PROBLEM TO SOLVE:
The word "none" occurs in some lines of the data. Return each such line.

---- DATA PROVIDED

Lemma k_increasing (m : nat) (k : nat -> nat) :
  (forall j, (j < m)%N -> (k j < k j.+1)%N) ->
  forall j1 j2, (j1 < j2)%N -> (j2 <= m)%N -> (k j1 < k j2)%N.
Proof.
move=> Hk j1; elim=> [//|j2 IH] h1 h2.
have := Hk j2 h2; rewrite leq_eqVlt in h1; case/orP: h1 => [/eqP [->] //|h1].
exact: ltn_trans (IH h1 (ltnW h2)).
Qed.

Lemma k_injective (m : nat) (k : nat -> nat) :
  (forall j, (j < m)%N -> (k j < k j.+1)%N) ->
  forall j1 j2, (j1 <= m)%N -> (j2 <= m)%N -> k j1 = k j2 -> j1 = j2.
Proof.
move=> Hk j1 j2 h1 h2 e.
case: (ltngtP j1 j2) => // c.
- by have := k_increasing Hk c h2; rewrite e ltnn.
- by have := k_increasing Hk c h1; rewrite e ltnn.
Qed.

Lemma coord_succ n (x : vec n) (i : 'I_n) : coord x i.+1 = x i.
Proof.
rewrite /coord (@sumR_single _ (fun j : 'I_n => if (j.+1 == i.+1)%N then x j else 0) i) ?eqxx // => j hj.
by rewrite eqSS; case: eqP => // /ord_inj e; rewrite e eqxx in hj.
Qed.

Lemma row_of_input n m k (A : mat n n) (B : mat n m) : canonical_form k A B ->
  forall j : 'I_m, exists i : 'I_n, (i.+1 = k j.+1)%N.
Proof.
move=> [Hk0 [Hk [Hkm _]]] j.
have pos : (0 < k j.+1)%N by rewrite -{1}Hk0; exact: (k_increasing Hk (ltn0Sn j) (ltn_ord j)).
have le_n : (k j.+1 <= n)%N.
  rewrite -Hkm; have := ltn_ord j; rewrite leq_eqVlt; case/orP => [/eqP -> //|c].
  exact/ltnW/(k_increasing Hk c (leqnn m)).
have lt_n : ((k j.+1).-1 < n)%N by case: (k j.+1) pos le_n.
by exists (Ordinal lt_n) => /=; case: (k j.+1) pos.
Qed.

Lemma inputs_le_states n m k (A : mat n n) (B : mat n m) : canonical_form k A B ->
  (m <= n)%N.
Proof.
move=> [Hk0 [Hk [Hkm _]]].
have k_ge_index j : (j <= m)%N -> (j <= k j)%N.
  elim: j => [//|j IH] hj; exact: leq_ltn_trans (IH (ltnW hj)) (Hk j hj).
by rewrite -Hkm; apply: k_ge_index.
Qed.

Lemma mvB_in n m k (A : mat n n) (B : mat n m) (u : vec m) (i : 'I_n) (j : 'I_m) :
  canonical_form k A B -> (i.+1 = k j.+1)%N -> mv B u i = u j.
Proof.
move=> [_ [Hk [_ [_ HB]]]] e.
rewrite /mv (@sumR_single _ (fun j0 => B i j0 * u j0) j); first by rewrite HB e eqxx; ring.
move=> j0 hj; rewrite HB; case: eqP => [e2|_]; last ring.
have : j0.+1 = j.+1 by apply: (k_injective Hk); rewrite ?ltn_ord // -e2 e.
by move=> [] /ord_inj h; rewrite h eqxx in hj.
Qed.

Lemma mvB_out n m k (A : mat n n) (B : mat n m) (u : vec m) (i : 'I_n) :
  canonical_form k A B -> ~ in_I k m i.+1 -> mv B u i = 0.
Proof.
move=> [_ [_ [_ [_ HB]]]] hn.
rewrite /mv big1 // => j _; rewrite HB; case: eqP => [e|_]; last ring.
by exfalso; apply: hn; exists j.+1; rewrite ltn_ord.
Qed.

(* A row outside I shifts the next coordinate (or yields 0 in the last row). *)
Lemma mvA_out n m k (A : mat n n) (B : mat n m) (x : vec n) (i : 'I_n) M :
  canonical_form k A B -> ~ in_I k m i.+1 -> 0 <= M -> (forall j, Rabs (x j) <= M) ->
  Rabs (mv A x i) <= M.
Proof.
move=> [_ [_ [_ [HA _]]]] hn HM Hx.
case: (ltnP i.+1 n) => c.
- rewrite /mv (@sumR_single _ (fun j => A i j * x j) (Ordinal c)); first by rewrite HA //= eqxx Rmult_1_l.
  move=> j hj; rewrite HA //; case: eqP => [e|_]; last ring.
  by move: hj; rewrite (@ord_inj _ j (Ordinal c)) ?eqxx.
- rewrite /mv big1 ?Rabs_R0 // => j _; rewrite HA //; case: eqP => [e|_]; last ring.
  by have := ltn_ord j; rewrite e ltnNge c.
Qed.

(* Entrywise l1-mass of A; it bounds the gain of A in the sup-norm. *)
Definition abs_mass n (A : mat n n) : R :=
  \big[Rplus/0]_(i < n) \big[Rplus/0]_(j < n) Rabs (A i j).
Lemma tree_edges_inj : {in forests_u &, injective tree_edges}.
Proof.
(* If p x <> p' x, the edge {x, p' x} of p forces p (p' x) = x, and p' x is
   again such a point; going backwards along p' forces x = u. *)
move=> p p' pF p'F same_edges.
pose X x := (x != u) && (p x != p' x).
suff X_u x : X x -> x = u.
  apply/ffunP => x; have [-> | xu] := eqVneq x u; first by rewrite !forests_u_fix.
  by apply/eqP; apply: contraNT (xu) => pp'x; apply/eqP/X_u; rewrite /X xu pp'x.
apply: (iter_section_const (g := p') _ (fun y => forests_u_root y pF)) => {}x /andP [xu pp'x].
have x_p'x : edge_set_rel (tree_edges p) x (p' x) by rewrite same_edges tree_edges_rel.
case: (tree_edges_relE x_p'x) => [[_ px] | [p'xu back]]; first by rewrite px eqxx in pp'x.
split; last by rewrite -back.
rewrite /X p'xu -back /=; apply/eqP => two_cycle; move/eqP: xu; apply.
have p'_root y : iter #|T| p' y = u by apply: forests_u_root.
apply: (iter_section_const (X := fun y => (y == x) || (y == p' x)) (g := p') _ p'_root).
  by move=> y /orP [] /eqP ->; rewrite -?two_cycle eqxx ?orbT.
by rewrite eqxx.
Qed.

Section ParentMap.
Variable F : {set {set T}}.
Hypotheses (Fsub : F \subset graph_edges e) (Fcon : set_connected F).

Local Notation R := (edge_set_rel F).

Lemma exists_path_to_u v : exists k, [exists s : k.-tuple T, path R v s && (last v s == u)].
Proof.
have /connectP [s ps u_last] := forallP (forallP Fcon v) u.
by exists (size s); apply/existsP; exists (in_tuple s); rewrite /= ps -u_last eqxx.
Qed.

Definition dist_u v := ex_minn (exists_path_to_u v).

Lemma dist_u_step v : v != u -> exists y, R v y && (dist_u y < dist_u v).
Proof.
move=> vu; rewrite /dist_u.
case: ex_minnP => k /existsP [[s /= /eqP <-] /andP [ps /eqP s_last]] _.
case: s ps s_last => [_ /= vu' | y s /= /andP [Rvy ps] s_last].
  by rewrite vu' eqxx in vu.
exists y; rewrite Rvy ltnS; case: ex_minnP => k' _ min_k'.
by apply: min_k'; apply/existsP; exists (in_tuple s); rewrite /= ps s_last eqxx.
Qed.

Definition tree_parent : {ffun T -> T} :=
  [ffun v => if v == u then u else odflt v [pick y | R v y && (dist_u y < dist_u v)]].

Lemma tree_parent_u : tree_parent u = u.
Proof. by rewrite ffunE eqxx. Qed.

Lemma tree_parent_step v : v != u -> R v (tree_parent v) && (dist_u (tree_parent v) < dist_u v).
Proof.
move=> vu; rewrite ffunE (negbTE vu); case: pickP => [y //|none].
by have [y] := dist_u_step vu; rewrite none.
Qed.

Lemma tree_parent_reach n w : dist_u w < n -> exists k, iter k tree_parent w = u.
Proof.
elim: n w => [//|n IH] w dist_w; have [-> | wu] := eqVneq w u; first by exists 0.
have /andP [_ /leq_trans /(_ dist_w) dist_pw] := tree_parent_step wu.
by have [k hk] := IH _ dist_pw; exists k.+1; rewrite iterSr.
Qed.

Lemma tree_parent_forest : tree_parent \in forests e [set~ u] [set u].
Proof.
rewrite inE; apply/andP; split.
  apply/forallP => w; rewrite !inE.
  have [-> | wu] /= := eqVneq w u; first by rewrite tree_parent_u.
  have /andP [/andP [w_neq wpF] _] := tree_parent_step wu.
  by rewrite (graph_edges_rel esym w_neq (subsetP Fsub _ wpF)) andbT; case: eqVneq.
apply/forall_inP => w _; have [k hk] := tree_parent_reach (ltnSn (dist_u w)).
apply: (iter_card_in_fixed (k := k)); last by rewrite hk inE.
by move=> c; rewrite inE => /eqP ->; apply: tree_parent_u.
Qed.

Hypothesis Facyc : set_acyclic F.

Lemma tree_edges_parent : tree_edges tree_parent = F.
Proof.
symmetry; apply: (acyclic_connected_sub_eq Fsub Facyc).
  apply/subsetP => A /imsetP [w]; rewrite !inE => wu ->.
  by have /andP [/andP [_ ->] _] := tree_parent_step wu.
exact/tree_edges_connected/tree_parent_forest.
Qed.

End ParentMap.
(** Splitting on whether 1 is a part, the signed count M_e - M_o of n+1 is
    A(n+1) - F(n), where A(n) and F(n) sum (-1)^(largest part) and
    (-1)^(number of parts) over the partitions of n into distinct parts other
    than 1: adjoining the part 1 maps these bijectively onto the partitions of
    n+1 containing 1, keeping the largest part and adding one part.  The same
    splitting of the unrestricted sums X(n) and Y(n) gives
    X(n+1) = A(n+1) + A(n) (up to a correction from the empty partition) and
    Y(n+1) = F(n+1) - F(n).  Franklin's involution reverses both signs, so X
    and Y vanish off the generalized pentagonal numbers and are +-1 on them.
    Solving the two recurrences gives A and F in closed form on each interval
    between consecutive pentagonal numbers, and the theorem is read off. *)

From mathcomp Require Import all_boot all_order all_algebra.
From mathcomp Require Import zify ring.
Import Order.TTheory GRing.Theory Num.Theory.
Set Implicit Arguments. Unset Strict Implicit. Unset Printing Implicit Defensive.

Lemma gtn_trans : transitive gtn.
Proof. by move=> a b c /= ba cb; apply: ltn_trans cb ba. Qed.

Lemma sumn_mkseq f m : sumn (mkseq f m) = \sum_(i < m) f i.
Proof. by rewrite /mkseq sumnE big_map -(big_mkord xpredT) /index_iota subn0. Qed.

Lemma sumn_nth l : sumn l = \sum_(i < size l) nth 0 l i.
Proof. by rewrite -{1}(mkseq_nth 0 l) sumn_mkseq. Qed.

Lemma sum_ltn m s : s <= m -> \sum_(i < m) (i < s) = s.
Proof.
elim: m => [|m IH]; first by rewrite leqn0 => /eqP ->; rewrite big_ord0.
rewrite big_ord_recr /= leq_eqVlt => /predU1P[-> | ]; last first.
  by rewrite ltnS => sm; rewrite IH // ltnNge sm addn0.
rewrite (ltnSn m) addn1 (eq_bigr (fun=> 1)) => [|i _]; last by rewrite ltnS ltnW ?ltn_ord.
by rewrite sum1_card card_ord.
Qed.

Lemma nat_parity_ind (P : nat -> Prop) :
  (forall k, P k.*2) -> (forall k, P k.*2.+1) -> forall j, P j.
Proof.
by move=> Peven Podd j; rewrite -[j]odd_double_half; case: odd; rewrite ?add0n.
Qed.

Lemma half_doubleS k : (k.*2.+1)./2 = k.
Proof. by rewrite -uphalfE uphalf_double. Qed.

Lemma eq_odd_subn a b : b <= a -> (odd a == odd b) = ~~ odd (a - b).
Proof. by move=> ba; rewrite oddB //; case: odd; case: odd. Qed.

(** * Partitions into distinct parts as decreasing lists *)

Definition dpart (l : seq nat) : bool := sorted gtn l && (0 \notin l).

Lemma dpartP l : reflect
  ((forall i, i.+1 < size l -> nth 0 l i.+1 < nth 0 l i) /\
   (forall i, i < size l -> 0 < nth 0 l i)) (dpart l).
Proof.
apply: (iffP andP) => [[/(sortedP 0) dec l0] | [dec pos]]; split => //.
- move=> i /(mem_nth 0) li; rewrite lt0n; apply: contraNneq l0 => li0.
  by rewrite -li0.
- exact/(sortedP 0).
- by apply/(nthP 0) => -[i /pos + li0]; rewrite li0.
Qed.

Lemma dpart_ltn_nth l i j :
  dpart l -> i < j -> j < size l -> nth 0 l j < nth 0 l i.
Proof.
case/andP=> dec _ ij jl.
by apply: (sorted_ltn_nth gtn_trans 0 dec); rewrite // inE (ltn_trans ij).
Qed.

Lemma dpart_leq_nth l i j :
  dpart l -> i <= j -> j < size l -> nth 0 l j <= nth 0 l i.
Proof.
move=> dl; rewrite leq_eqVlt => /predU1P[-> // | ij jl].
exact/ltnW/dpart_ltn_nth.
Qed.

Definition smallest (l : seq nat) : nat := nth 0 l (size l).-1.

--------

RESPONSE:
move=> vu; rewrite ffunE (negbTE vu); case: pickP => [y //|none].
by have [y] := dist_u_step vu; rewrite none.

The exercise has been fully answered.